Think of analytical procedures as the auditor's version of a sanity check — before diving into detailed vouching, you step back and ask: does this data even make sense? That's the heart of SA 520.
SA 520 requires analytical procedures at two mandatory stages and permits them at a third. First, during risk assessment (planning stage) — here, you use them to understand the client's business and spot areas that need more attention. Second, at the overall review stage (near completion) — you check that the final financial statements are consistent with your understanding of the entity. These two are compulsory. Third, analytical procedures can optionally be used as substantive procedures (instead of, or alongside, detailed tests of transactions) — but only when they're more efficient and effective.

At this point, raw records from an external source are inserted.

Definition square_frame (P1 P2 P3 P4 : list gedge) : Prop :=
  exists x1 x2 y1 y2 : Z, x1 < x2 /\ y1 < y2 /\
    bend_with_shape P1 (x1, y1) Up Right /\
    bend_with_shape P2 (x2, y1) Up Left /\
    bend_with_shape P3 (x1, y2) Down Right /\
    bend_with_shape P4 (x2, y2) Down Left /\
    share_edge P1 P2 /\ share_edge P1 P3 /\ share_edge P2 P4 /\ share_edge P3 P4 /\
    ~ share_edge P1 P4 /\ ~ share_edge P2 P3.

Inductive idx4 := I1 | I2 | I3 | I4.
Inductive idx3 := J1 | J2 | J3.

Definition next4 (i : idx4) : idx4 :=
  match i with I1 => I2 | I2 => I3 | I3 => I4 | I4 => I1 end.

(** Vertices: [U i] = u_i on the C4; [A i b] = the two vertices of the part of
    size 2 of the i-th K_{2,4}; [B i k] = the three vertices of the part of
    size 4 of the i-th K_{2,4} other than u_i. *)
Inductive batV :=
| U (i : idx4)
| A (i : idx4) (b : bool)
| B (i : idx4) (k : idx3).

Definition bat_adj (v w : batV) : Prop :=
  match v, w with
  | U i, U j => next4 i = j \/ next4 j = i
  | U i, A j _ => i = j
  | A i _, U j => i = j
  | A i _, B j _ => i = j
  | B i _, A j _ => i = j
  | _, _ => False
  end.

Definition B1_EPG_rep_bat (P : batV -> list gedge) : Prop :=
  (forall v, is_path (P v) /\ at_most_one_bend (P v)) /\
  (forall v w, v <> w -> (bat_adj v w <-> share_edge (P v) (P w))).

(* A grid path with at most one bend is an L-shape: a horizontal and a vertical segment
   meeting at a corner, either of which may be empty.  Two such paths share a grid edge iff
   two collinear segments of them overlap.

   In the gadget K_{2,4} at u_i, the two non-adjacent paths A1, A2 are met by four pairwise
   edge-disjoint paths.  Classifying how each of these meets A1 and A2 (horizontally or
   vertically) shows that the path of u_i meets them in different directions and that another
   of the four meets them in the same way; the two then have the same corner and opposite arms,
   so the path of u_i is bent and the four grid edges at its corner lie in A1 or A2.  Since
   u_j (j <> i) is not adjacent to A1, A2, its path avoids these four edges.

   Two bent L-shapes that share an edge but avoid each other's corner edges share it between
   their corners, with arms pointing towards each other.  Hence no path of the C4 meets both
   its neighbours in the same direction, the overlaps around the cycle alternate between
   horizontal and vertical, and the four corners form a rectangle with all arms pointing
   inwards: a square-frame. *)

From Stdlib Require Import ZArith List Lia Setoid.
Import ListNotations.
Open Scope Z_scope.

(** * One-bend paths are L-shapes *)

Lemma gedge_eq_iff e f : e = f <-> gx e = gx f /\ gy e = gy f /\ horiz e = horiz f.
Proof.
  destruct e, f; cbn; split; [intros H; injection H as -> -> ->; auto|].
  intros (-> & -> & ->); reflexivity.
Qed.

Lemma on_edge_iff p e : on_edge p e <->
  if horiz e then snd p = gy e /\ (fst p = gx e \/ fst p = gx e + 1)
  else fst p = gx e /\ (snd p = gy e \/ snd p = gy e + 1).
Proof.
  destruct p as [u v], e as [x y []];
    unfold on_edge, src, tgt; cbn; rewrite !(@pair_equal_spec Z Z); lia.
Qed.

Lemma on_edge_leave p d : on_edge p (leave p d).
Proof. rewrite on_edge_iff; destruct p as [x y], d; cbn; lia. Qed.

(* The corner is (cx, cy); the horizontal arm consists of the grid edges of
   row cy between xlo and xhi, the vertical arm of those of column cx between
   ylo and yhi.  Either arm may be empty. *)
Record ell := Ell { cx : Z; cy : Z; xlo : Z; xhi : Z; ylo : Z; yhi : Z }.

Definition corner (L : ell) : point := (cx L, cy L).

Definition ell_wf (L : ell) : Prop :=
  xlo L <= xhi L /\ ylo L <= yhi L /\
  (cx L = xlo L \/ cx L = xhi L) /\ (cy L = ylo L \/ cy L = yhi L).

Definition ell_edge (L : ell) (e : gedge) : Prop :=
  if horiz e then gy e = cy L /\ xlo L <= gx e < xhi L
  else gx e = cx L /\ ylo L <= gy e < yhi L.

Definition traces (s : list gedge) (L : ell) : Prop :=
  ell_wf L /\ forall e, In e s <-> ell_edge L e.

Definition bent (L : ell) : Prop := xlo L < xhi L /\ ylo L < yhi L.

Ltac ell_simpl :=
  cbn [In ell_edge ell_wf bent corner leave horiz gx gy cx cy xlo xhi ylo yhi fst snd] in *.

Definition arm_end (L : ell) (q : point) : Prop :=
  snd q = cy L /\ fst q <> cx L /\ (fst q = xlo L \/ fst q = xhi L) \/
  fst q = cx L /\ snd q <> cy L /\ (snd q = ylo L \/ snd q = yhi L).

Definition free_end (s : list gedge) (q : point) : Prop :=
  match s with
  | [] => False
  | h :: t => on_edge q h /\ forall f, In f t -> ~ on_edge q f
  end.

Lemma ell_of_edge e q : on_edge q e -> exists L, traces [e] L /\ arm_end L q.
Proof.
  rewrite on_edge_iff; destruct q as [u v], e as [x y []]; ell_simpl; intros Hq.
  (* [2 * x + 1 - u] is the endpoint of the edge other than [u]. *)
  - exists (Ell (2 * x + 1 - u) y x (x + 1) y y); split; [split|].
    + unfold ell_wf; ell_simpl; lia.
    + intros [a b []]; ell_simpl; rewrite gedge_eq_iff; ell_simpl; split; lia.
    + unfold arm_end; ell_simpl; lia.
  - exists (Ell x (2 * y + 1 - v) x x y (y + 1)); split; [split|].
    + unfold ell_wf; ell_simpl; lia.
    + intros [a b []]; ell_simpl; rewrite gedge_eq_iff; ell_simpl; split; lia.
    + unfold arm_end; ell_simpl; lia.
Qed.

Definition neighbor (p : point) (d : dir) : point :=
  match d with
  | Up => (fst p, snd p + 1)
  | Down => (fst p, snd p - 1)
  | Left => (fst p - 1, snd p)
  | Right => (fst p + 1, snd p)
  end.

Lemma edge_of_endpoints w z e :
  on_edge w e -> on_edge z e -> z <> w -> exists d, e = leave w d /\ z = neighbor w d.
Proof.
  rewrite !on_edge_iff; destruct w as [wx wy], z as [zx zy], e as [x y []]; cbn;
    rewrite (@pair_equal_spec Z Z); intros Hw Hz Hzw.
  - destruct (Z.eq_dec wx x); [exists Right | exists Left]; cbn;
      split; f_equal; lia.
  - destruct (Z.eq_dec wy y); [exists Up | exists Down]; cbn;
      split; f_equal; lia.
Qed.

Lemma traces_cons s L e L' :
  traces s L -> ell_wf L' -> (forall f, f = e \/ ell_edge L f <-> ell_edge L' f) ->
  traces (e :: s) L'.
Proof.
  intros [_ HT] Hwf' HL'; split; [exact Hwf'|].
  intros f; cbn [In]; rewrite <- HL', HT; intuition congruence.
Qed.

Ltac extension_ok HT :=
  split;
  [ apply (traces_cons _ _ _ _ HT);
    [ unfold ell_wf; ell_simpl; lia
    | intros [? ? []]; rewrite gedge_eq_iff; ell_simpl; split; lia ]
  | unfold arm_end; ell_simpl; lia ].

Lemma ell_extend s L h w z e :
  traces s L -> arm_end L w -> In h s -> on_edge w h ->
  on_edge w e -> on_edge z e -> z <> w -> ~ In e s ->
  (horiz e <> horiz h -> xlo L = xhi L \/ ylo L = yhi L) ->
  exists L', traces (e :: s) L' /\ arm_end L' z.
Proof.
  intros HT Hw Hh Hwh Hwe Hze Hzw He Hturn.
  destruct (edge_of_endpoints w z e Hwe Hze Hzw) as [d [-> ->]]; clear Hwe Hze Hzw.
  pose proof (proj1 HT) as Hwf; rewrite (proj2 HT) in Hh, He.
  destruct w as [wx wy]; rewrite on_edge_iff in Hwh; unfold ell_wf, arm_end in *; ell_simpl.
  assert (Hhead : horiz h = true /\ wy = cy L /\ wx <> cx L /\ (wx = xlo L \/ wx = xhi L) \/
                  horiz h = false /\ wx = cx L /\ wy <> cy L /\ (wy = ylo L \/ wy = yhi L)).
  { destruct h as [? ? []]; ell_simpl; lia. }
  clear Hw Hh Hwh.
  (* First four cases: w ends the horizontal arm and e turns there (Up, Down) or prolongs the
     arm (Left, Right).  Last four: the same at the end of the vertical arm. *)
  destruct Hhead as [(Hh & Hw) | (Hh & Hw)], d; rewrite Hh in Hturn; clear Hh;
    cbn [leave neighbor horiz fst snd] in *;
    try specialize (Hturn ltac:(discriminate)); ell_simpl.
  - exists (Ell wx (cy L) (xlo L) (xhi L) (cy L) (cy L + 1)); extension_ok HT.
  - exists (Ell wx (cy L) (xlo L) (xhi L) (cy L - 1) (cy L)); extension_ok HT.
  - exists (Ell (cx L) (cy L) (xlo L - 1) (xhi L) (ylo L) (yhi L)); extension_ok HT.
  - exists (Ell (cx L) (cy L) (xlo L) (xhi L + 1) (ylo L) (yhi L)); extension_ok HT.
  - exists (Ell (cx L) (cy L) (xlo L) (xhi L) (ylo L) (yhi L + 1)); extension_ok HT.
  - exists (Ell (cx L) (cy L) (xlo L) (xhi L) (ylo L - 1) (yhi L)); extension_ok HT.
  - exists (Ell (cx L) wy (cx L - 1) (cx L) (ylo L) (yhi L)); extension_ok HT.
  - exists (Ell (cx L) wy (cx L) (cx L + 1) (ylo L) (yhi L)); extension_ok HT.
Qed.

Lemma is_path_cons e s : is_path (e :: s) -> is_path s.
Proof.
  intros (Hnd & Hc & Hn); split; [|split].
  - inversion Hnd; assumption.
  - intros i Hi; apply (Hc (S i)); cbn; lia.
  - intros i j Hij Hj; apply (Hn (S i) (S j)); cbn; lia.
Qed.

Lemma at_most_one_bend_cons e s : at_most_one_bend (e :: s) -> at_most_one_bend s.
Proof.
  intros Hb i j [Hi Hi'] [Hj Hj'].
  enough (S i = S j) by lia.
  apply Hb; split; cbn; auto; lia.
Qed.

Lemma is_bend_of_turn s e :
  In e s -> horiz e <> horiz (hd dummy_edge s) -> exists i, is_bend s i.
Proof.
  induction s as [|g s IH]; [intros []|].
  intros [<-|He] Hturn; [destruct (Hturn eq_refl)|].
  destruct s as [|g' s]; [destruct He|].
  destruct (Bool.bool_dec (horiz g) (horiz g')) as [Hgg|Hgg].
  - destruct (IH He) as [i [Hi Hi']]; [cbn in *; congruence|].
    exists (S i); split; cbn in *; [lia|exact Hi'].
  - exists 0%nat; split; cbn; [lia|exact Hgg].
Qed.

The standard identifies several types of analytical procedures: ratio analysis (gross profit ratio, current ratio), trend analysis (comparing this year's figures to last year's), reasonableness tests (estimating expected interest expense based on average loan balance × rate), and regression analysis (more advanced, rarely tested at Inter level). The key concept is expectation — you form an expectation of what a figure should be, compare it to what it is, and investigate any significant differences beyond a pre-set threshold of acceptable difference.
When using analytical procedures as substantive procedures, SA 520 says four things must be considered: (1) the suitability of the procedure for the assertion being tested, (2) the reliability of the data used, (3) whether the expectation is precise enough to detect a material misstatement, and (4) the acceptable amount of difference without investigation. If you find an unusual fluctuation and management's explanation is plausible, you still need corroborating audit evidence — you can't just accept what the client says. This is a favourite 4-mark exam question — 'What should an auditor do when analytical procedures reveal significant unexpected fluctuations?' Answer: obtain explanations, corroborate them with evidence, and if not satisfactorily explained, consider revision of risk assessment.